The Petroleum Safety Authority (PSA) Norway will set the terms for and follow up that players in the Norwegian petroleum industry maintain a high level of health, safety and the environment and emergency preparedness, and thereby contribute to creating the highest possible value for society. Ensuring good material selection process and structural integrity is an important effort where different corrosion forms are of concern and corrosion protection measures of interest, especially in respect to major accidents.

PSA addresses corrosion in rules and regulations, requiring “robust material selection”, with reference to international standards and guidelines. The operators addressing and monitoring of the corrosion effects on the process and structural integrity by incident reporting, reviews and site audits are the key tools for PSA in assessing the corrosion challenges and control in the industry.

It is of paramount importance to avoid major accidents. The subject of this paper is to address the challenges with material degradation in ageing structures, and the challenges associated with life extension considerations. Corrosion plays a major role in this respect; especially PSA is concerned with corrosion under insulation (CUI). This paper presents some of our work in these areas.

Keywords: Ageing materials, Corrosion under insulation, Material selection, Regulations.



INTRODUCTION

The Petroleum Safety Authority Norway has the goal to set the terms for and follow up that players in the petroleum industry maintain a high level of health, safety and the environment and emergency preparedness, and thereby contribute to creating the highest possible value for society. Avoiding major accidents is important in this respect, and material degradation due to corrosion is identified as one hazard, especially to ageing facilities. One corrosion process identified by PSA to be of special interest is corrosion under insulation (CUI). The objective of this paper is present our work and perspective on this area.

The operators on the Norwegian Continental Shelf (NCS) have to submit a Plan for Development and Operation for petroleum deposits (PDO) to Ministry of Petroleum and Energy for approval. In the PDO the operational life is stated. We may say this is the original anticipated design life. Several facilities on NCS are now reaching this design life of typically 20-30 years. The economic life is exceeding the design life. This is due to increased production possibilities, new satellites being connected, reduced operational costs, and increased oil and gas recovery. Hence, for the operators application for life extension of the facilities is an attractive option. For installations constructed later than the very first years of the Norwegian oil era, the regulations require the operators have to apply for consent to operate installations beyond their original design life according to section 29 in the Management Regulation. In the application the operator has to address the ageing and degrading mechanisms of the facility’s materials taken place during the life. The high safety level of the NCS shall be maintained in life extension. Hence, in the life extension assessment the material and corrosion engineering evaluation shall be an important element. In one accident on NCS, corrosion gave fatalities as a collateral damage.
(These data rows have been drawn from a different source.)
(* Let $G$ be a finite median graph and let $m$ be the maximum dimension of a hypercube contained in $G$. Then $C(G,x)=\sum_{i=0}^m b_i(G)(x+1)^i$, where $b_0(G)=1$ and $b_i(G)$ is a positive integer for each $0\le i\le m$.
   Context: A median of vertices $u,v,w$ of a graph is a vertex lying simultaneously on a shortest $u,v$-path, a shortest $u,w$-path and a shortest $v,w$-path; a (connected) graph is a median graph if every triple of vertices has a unique median. The cube polynomial of $G$ is $C(G,x)=\sum_{i\ge0}\alpha_i(G)x^i$, where $\alpha_i(G)$ is the number of induced subgraphs of $G$ isomorphic to the $i$-dimensional hypercube $Q_i$. *)

(* A finite simple graph is a symmetric irreflexive relation
   e : rel T on a finType T. *)
From mathcomp Require Import all_boot all_order all_algebra.
Set Implicit Arguments. Unset Strict Implicit. Unset Printing Implicit Defensive.
Import GRing.Theory.
Local Open Scope ring_scope.

Section Graphs.
Variables (T : finType) (e : rel T).

(* p is a walk from u to v (u :: p is the vertex sequence, size p its length) *)
Definition walk (u v : T) (p : seq T) : bool := path e u p && (last u p == v).

Definition shortest_path (u v : T) (p : seq T) : Prop :=
  walk u v p /\ forall q : seq T, walk u v q -> (size p <= size q)%N.

Definition on_shortest (u v x : T) : Prop :=
  exists p : seq T, shortest_path u v p /\ x \in u :: p.

Definition is_median (u v w x : T) : Prop :=
  on_shortest u v x /\ on_shortest u w x /\ on_shortest v w x.

Definition connected_graph : Prop :=
  (0 < #|T|)%N /\ forall u v : T, exists p : seq T, walk u v p.

Definition median_graph : Prop :=
  connected_graph /\ forall u v w : T, exists! x : T, is_median u v w x.

Definition qadj (i : nat) (a b : {ffun 'I_i -> bool}) : bool :=
  #|[set k | a k != b k]| == 1%N.

Definition induces_cube (i : nat) (S : {set T}) : bool :=
  [exists f : {ffun {ffun 'I_i -> bool} -> T},
     [&& injectiveb f, f @: setT == S &
         [forall a, forall b, e (f a) (f b) == qadj a b]]].

Definition alpha (i : nat) : nat := #|[set S : {set T} | induces_cube i S]|.

(* cube polynomial; alpha_i = 0 for i > #|T| since 2^i > i *)
Definition cube_poly : {poly int} := \poly_(i < #|T|.+1) (alpha i)%:R.

Definition cube_dim : nat := \max_(i < #|T|.+1 | (0 < alpha i)%N) (i : nat).

End Graphs.

From mathcomp Require Import all_boot all_order all_algebra zify.
Set Implicit Arguments. Unset Strict Implicit. Unset Printing Implicit Defensive.

(* Fix a base vertex z and call the neighbours of v that are closer to z its
   down-neighbours.  A median graph is bipartite, has no induced K_{2,3} and
   satisfies the quadrangle property.  Consequently every induced cube has a
   unique vertex farthest from z, its top, and the cube is determined by its top
   v together with the neighbours of v in the cube, which are down-neighbours of
   v; conversely any i down-neighbours of v span an induced i-cube with top v,
   obtained by completing squares downwards.  Hence
   alpha_i = sum_v binomial(|Dn v|, i), that is C(G, x) = sum_v (x + 1)^|Dn v|,
   and b_i is the number of vertices of down-degree i.  Only z has down-degree
   0, and when z is a corner of a maximum cube Q_m the vertices of that cube
   realise all down-degrees 0, ..., m, because the down-degree of a vertex never
   exceeds its distance to z. *)

Section FinSetFacts.
Variable I : finType.
Implicit Types (B C : {set I}) (k j : I).

Lemma setU1D B k : k \notin B -> (k |: B) :\: B = [set k].
Proof.
move=> kB; apply/setP => x; rewrite !inE.
by case: (eqVneq x k) => [->|_] /=; rewrite ?kB ?andNb.
Qed.

Lemma setDU1r C B k : C :\: (k |: B) = (C :\: B) :\ k.
Proof. by apply/setP => x; rewrite !inE negb_or -!andbA; case: (x == k). Qed.

Lemma card_setD1 B k : k \in B -> #|B :\ k| = #|B|.-1.
Proof. by move=> kB; rewrite (cardsD1 k B) kB. Qed.

Lemma ltn_card_setD1 B C k : k \in C -> C \subset B -> (#|C :\ k| < #|B|)%N.
Proof.
by move=> kC CB; apply: leq_trans (proper_card (properD1 kC)) (subset_leq_card CB).
Qed.

Lemma setU1_setD B C k : B \subset C -> C :\: B = [set k] -> k |: B = C.
Proof.
move=> BC <-; apply/setP => x; rewrite !inE.
by case: (boolP (x \in B)) => [/(subsetP BC)->|_] /=; rewrite ?orbT ?orbF.
Qed.

Lemma setD1_set1 B k j : j \in B :\ k -> B :\ k :\ j = set0 -> B :\ k = [set j].
Proof.
move=> jBk E; apply/setP => x; rewrite inE; case: eqVneq => [->//|xj].
apply/negbTE/negP => xBk; have : x \in B :\ k :\ j by rewrite in_setD1 xj.
by rewrite E inE.
Qed.

Lemma setD1C B k j : B :\ k :\ j = B :\ j :\ k.
Proof. by rewrite !setDDl setUC. Qed.

Definition symdiff B C := [set x | (x \in B) (+) (x \in C)].
Definition hamming B C := #|symdiff B C|.

Lemma hammingE B C : hamming B C = #|B :\: C| + #|C :\: B|.
Proof.
rewrite /hamming -cardsUI (_ : (B :\: C) :&: (C :\: B) = set0) ?cards0 ?addn0.
  by apply: eq_card => x; rewrite !inE; case: (x \in B); case: (x \in C).
by apply/setP => x; rewrite !inE; case: (x \in B); case: (x \in C).
Qed.

Lemma symdiff_shift B C D : symdiff (symdiff B D) (symdiff C D) = symdiff B C.
Proof.
apply/setP => x; rewrite !inE.
by case: (x \in B); case: (x \in C); case: (x \in D).
Qed.

Lemma symdiffK B D : symdiff (symdiff B D) D = B.
Proof. by apply/setP => x; rewrite !inE -addbA addbb addbF. Qed.

Lemma symdiff0B B : symdiff set0 B = B.
Proof. by apply/setP => x; rewrite !inE. Qed.

Lemma symdiffBT B : symdiff B setT = ~: B.
Proof. by apply/setP => x; rewrite !inE addbT. Qed.

Lemma hammingC B C : hamming B C = hamming C B.
Proof. by apply: eq_card => x; rewrite !inE addbC. Qed.

Lemma hamming_eq0 B C : (hamming B C == 0%N) = (B == C).
Proof.
rewrite cards_eq0; apply/eqP/eqP => [/setP E|->]; last first.
  by apply/setP => x; rewrite !inE addbb.
by apply/setP => x; have := E x; rewrite !inE; case: (x \in B); case: (x \in C).
Qed.

Lemma hamming0B B : hamming set0 B = #|B|.
Proof. by rewrite /hamming symdiff0B. Qed.

Lemma hammingU1 B k : k \notin B -> hamming B (k |: B) = 1%N.
Proof.
move=> kB; rewrite hammingE setU1D // cards1 (_ : B :\: _ = set0) ?cards0 //.
by rewrite setDUr setDv setI0.
Qed.

Lemma hammingD1 B k : k \in B -> hamming (B :\ k) B = 1%N.
Proof. by move=> kB; rewrite -{2}(setD1K kB) hammingU1 // setD11. Qed.

Lemma hamming2_setU C1 C2 : #|C1| = #|C2| -> hamming C1 C2 = 2 ->
  [/\ hamming C1 (C1 :|: C2) = 1%N, hamming C2 (C1 :|: C2) = 1%N
    & #|C1 :|: C2| = #|C1|.+1].
Proof.
have hamU A A' : hamming A (A :|: A') = #|A' :\: A|.
  by rewrite hammingE setDUr setDv set0I cards0 setDUl setDv set0U.
move=> cC; rewrite hammingE => h2.
rewrite hamU cardsU (setUC C1 C2) hamU.
move: h2; rewrite !cardsD (setIC C2 C1) -cC.
by have := subset_leq_card (subsetIl C1 C2); split; lia.
Qed.

End FinSetFacts.

Section Graph.
Variables (T : finType) (e : rel T).
Hypotheses (e_sym : symmetric e) (e_irr : irreflexive e).
Hypothesis connected : forall u v, exists p, walk e u v p.

Lemma walk_cat u v w p q : walk e u v p -> walk e v w q -> walk e u w (p ++ q).
Proof.
rewrite /walk => /andP[pp /eqP lp] /andP[pq /eqP lq].
by rewrite cat_path pp lp pq last_cat lp lq eqxx.
Qed.

Lemma walk_rev u v p : walk e u v p -> walk e v u (rev (belast u p)).
Proof.
rewrite /walk => /andP[pp /eqP <-].
have e_symr : (fun x y => e y x) =2 e by move=> x y; rewrite e_sym.
rewrite rev_path (eq_path e_symr) pp /=.
by case: p {pp} => //= x p; rewrite rev_cons last_rcons.
Qed.

Lemma walk_exists u v : exists n, [exists t : n.-tuple T, walk e u v t].
Proof.
have [p Hp] := connected u v.
by exists (size p); apply/existsP; exists (in_tuple p).
Qed.

Definition dist u v := ex_minn (walk_exists u v).

Lemma distP u v : exists2 p, walk e u v p & size p = dist u v.
Proof.
rewrite /dist; case: ex_minnP => n /existsP[t Ht] _.
by exists t; rewrite ?size_tuple.
Qed.

Lemma dist_leq_size u v p : walk e u v p -> (dist u v <= size p)%N.
Proof.
move=> Hp; rewrite /dist; case: ex_minnP => n _; apply.
by apply/existsP; exists (in_tuple p).
Qed.

Lemma distC u v : dist u v = dist v u.
Proof.
have le_dist x y : (dist x y <= dist y x)%N.
  have [p /walk_rev Hp <-] := distP y x.
  by rewrite -(size_belast y) -size_rev dist_leq_size.
by apply/eqP; rewrite eqn_leq !le_dist.
Qed.

Lemma dist_triangle u v w : (dist u w <= dist u v + dist v w)%N.
Proof.
have [p Hp <-] := distP u v; have [q Hq <-] := distP v w.
by rewrite -size_cat dist_leq_size // (walk_cat Hp Hq).
Qed.

Lemma distxx u : dist u u = 0%N.
Proof.
by apply/eqP; rewrite -leqn0 (@dist_leq_size u u [::]) // /walk /= eqxx.
Qed.

Lemma dist0_eq u v : dist u v = 0%N -> u = v.
Proof. by have [[|x p] /andP[_ /eqP] //= <- <-] := distP u v. Qed.

Lemma edgeE u v : e u v = (dist u v == 1%N).
Proof.
apply/idP/eqP => [uv|].
  apply/eqP; rewrite eqn_leq (@dist_leq_size u v [:: v]) /=; last first.
    by rewrite /walk /= uv eqxx.
  by rewrite lt0n; apply: contraTneq uv => /dist0_eq ->; rewrite e_irr.
case: (distP u v) => [[|x [|y p]] Hw <-] //= _.
by case/andP: Hw => /= /andP[ux _] /eqP <-.
Qed.

Lemma dist_edge u v : e u v -> dist u v = 1%N.
Proof. by rewrite edgeE => /eqP. Qed.

Lemma dist_first_step u v : u != v -> exists2 x, e u x & (dist x v).+1 = dist u v.
Proof.
move=> uv; have [[|x p] Hp Sp] := distP u v.
  by move: Hp uv; rewrite /walk /= => /eqP ->; rewrite eqxx.
case/andP: Hp => /= /andP[ux px] lp; exists x => //.
have := dist_leq_size (_ : walk e x v p); rewrite /walk px lp => /(_ isT).
have := dist_triangle u x v; rewrite (dist_edge ux) -Sp /=; lia.
Qed.

Lemma dist_two u v x : u != v -> ~~ e u v -> e x u -> e x v -> dist u v = 2.
Proof.
move=> uv nuv xu xv.
have le2 : (dist u v <= 2)%N.
  by have := dist_triangle u x v; rewrite (distC u x) (dist_edge xu) (dist_edge xv).
have ne0 : dist u v != 0%N by apply: contra uv => /eqP/dist0_eq ->.
have ne1 : dist u v != 1%N by rewrite -edgeE.
lia.
Qed.

Lemma shortest_pathE u v p :
  shortest_path e u v p <-> walk e u v p /\ size p = dist u v.
Proof.
split=> [[Hw Hmin]|[Hw Sp]]; last by split=> // q /dist_leq_size; rewrite Sp.
split=> //; apply/eqP; rewrite eqn_leq dist_leq_size // andbT.
by have [q /Hmin ? <-] := distP u v.
Qed.

Lemma on_shortestE u v x : on_shortest e u v x <-> dist u x + dist x v = dist u v.
Proof.
split=> [[p [/shortest_pathE [Hw Sp] Hx]]|Hx].
  case/splitPl: Hx Hw Sp => p1 p2 Hl.
  rewrite /walk cat_path last_cat -Hl => /andP[/andP[h1 h2] h3] Sp.
  apply/eqP; rewrite eqn_leq dist_triangle andbT -Sp size_cat leq_add //.
    by apply: dist_leq_size; rewrite /walk h1 Hl eqxx.
  by apply: dist_leq_size; rewrite /walk h2 h3.
have [p Hp Sp] := distP u x; have [q Hq Sq] := distP x v.
exists (p ++ q); split.
  by apply/shortest_pathE; rewrite size_cat Sp Sq (walk_cat Hp Hq).
case/andP: Hp => _ /eqP <-.
by rewrite -cat_cons lastI mem_cat mem_rcons mem_head.
Qed.

Definition induced_cube (I : finType) (Y : {set I} -> T) :=
  injective Y /\ forall B C, e (Y B) (Y C) = (hamming B C == 1%N).

Section BitsOfSets.
Variable i : nat.

Definition set_of_bits (p : {ffun 'I_i -> bool}) : {set 'I_i} := [set k | p k].
Definition bits_of_set (B : {set 'I_i}) : {ffun 'I_i -> bool} := [ffun k => k \in B].

Lemma bits_of_setK : cancel bits_of_set set_of_bits.
Proof. by move=> B; apply/setP => k; rewrite !inE ffunE. Qed.

Lemma set_of_bitsK : cancel set_of_bits bits_of_set.
Proof. by move=> p; apply/ffunP => k; rewrite !ffunE inE. Qed.

Lemma qadjE p q : qadj p q = (hamming (set_of_bits p) (set_of_bits q) == 1%N).
Proof.
rewrite /qadj /hamming; congr (_ == _); apply: eq_card => k; rewrite !inE.
by case: (p k); case: (q k).
Qed.

Lemma induces_cubeP (S : {set T}) :
  induces_cube e i S <-> exists Y : {set 'I_i} -> T, induced_cube Y /\ S = Y @: setT.
Proof.
split=> [/existsP[f /and3P[/injectiveP f_inj /eqP fS /forallP f_e]]|[Y [[Y_inj Y_e] ->]]].
  exists (f \o bits_of_set); split; first split.
  - exact: inj_comp f_inj (can_inj bits_of_setK).
  - by move=> B C /=; have /forallP/(_ (bits_of_set C))/eqP -> := f_e (bits_of_set B);
      rewrite qadjE !bits_of_setK.
  - rewrite -fS; apply/setP => y; apply/imsetP/imsetP => [[p _ ->]|[B _ ->]].
      by exists (set_of_bits p); rewrite //= set_of_bitsK.
    by exists (bits_of_set B).
apply/existsP; exists [ffun p => Y (set_of_bits p)]; apply/and3P; split.
- apply/injectiveP => p q; rewrite !ffunE => /Y_inj.
  exact: (can_inj set_of_bitsK).
- apply/eqP/setP => y; apply/imsetP/imsetP => [[p _ ->]|[B _ ->]].
    by exists (set_of_bits p); rewrite ?ffunE.
  by exists (bits_of_set B); rewrite ?ffunE ?bits_of_setK.
- by apply/forallP => p; apply/forallP => q; rewrite !ffunE Y_e qadjE.
Qed.

End BitsOfSets.

Section Median.
Hypothesis median : forall u v w, exists! x, is_median e u v w x.
Local Notation d := dist.

Definition median3 u v w x := [/\ d u x + d x v = d u v,
  d u x + d x w = d u w & d v x + d x w = d v w].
To become capable of regulating cases of life extension of facilities and deal with ageing, PSA has initiated an extensive number of projects [1-17]. We believe that this work, as well, has gained the industry in coping with the challenge life extension of ageing facilities.

As a guide for life extension evaluation, there are several key questions to be asked related to materials. Hörnlund et al. [18, 19] have listed a number of fundamental questions from a retrospective, present and future perspective. The design, fabrication, installation, operation, present and future has to be addressed.

In dealing with ageing of materials and life extension of facilities the question of unforeseen degradation mechanisms and environmental effects arises. PSA anticipates that controlling the known mechanisms and effects is the basal effort in avoiding major accidents, one of which is corrosion under insolation (CUI).

For CUI the PSA project initiatives have been limited and the approach of the regulator has been to monitor the challenges and actions taken by the operators in dedicated audits. The subject is discussed at the end of this paper.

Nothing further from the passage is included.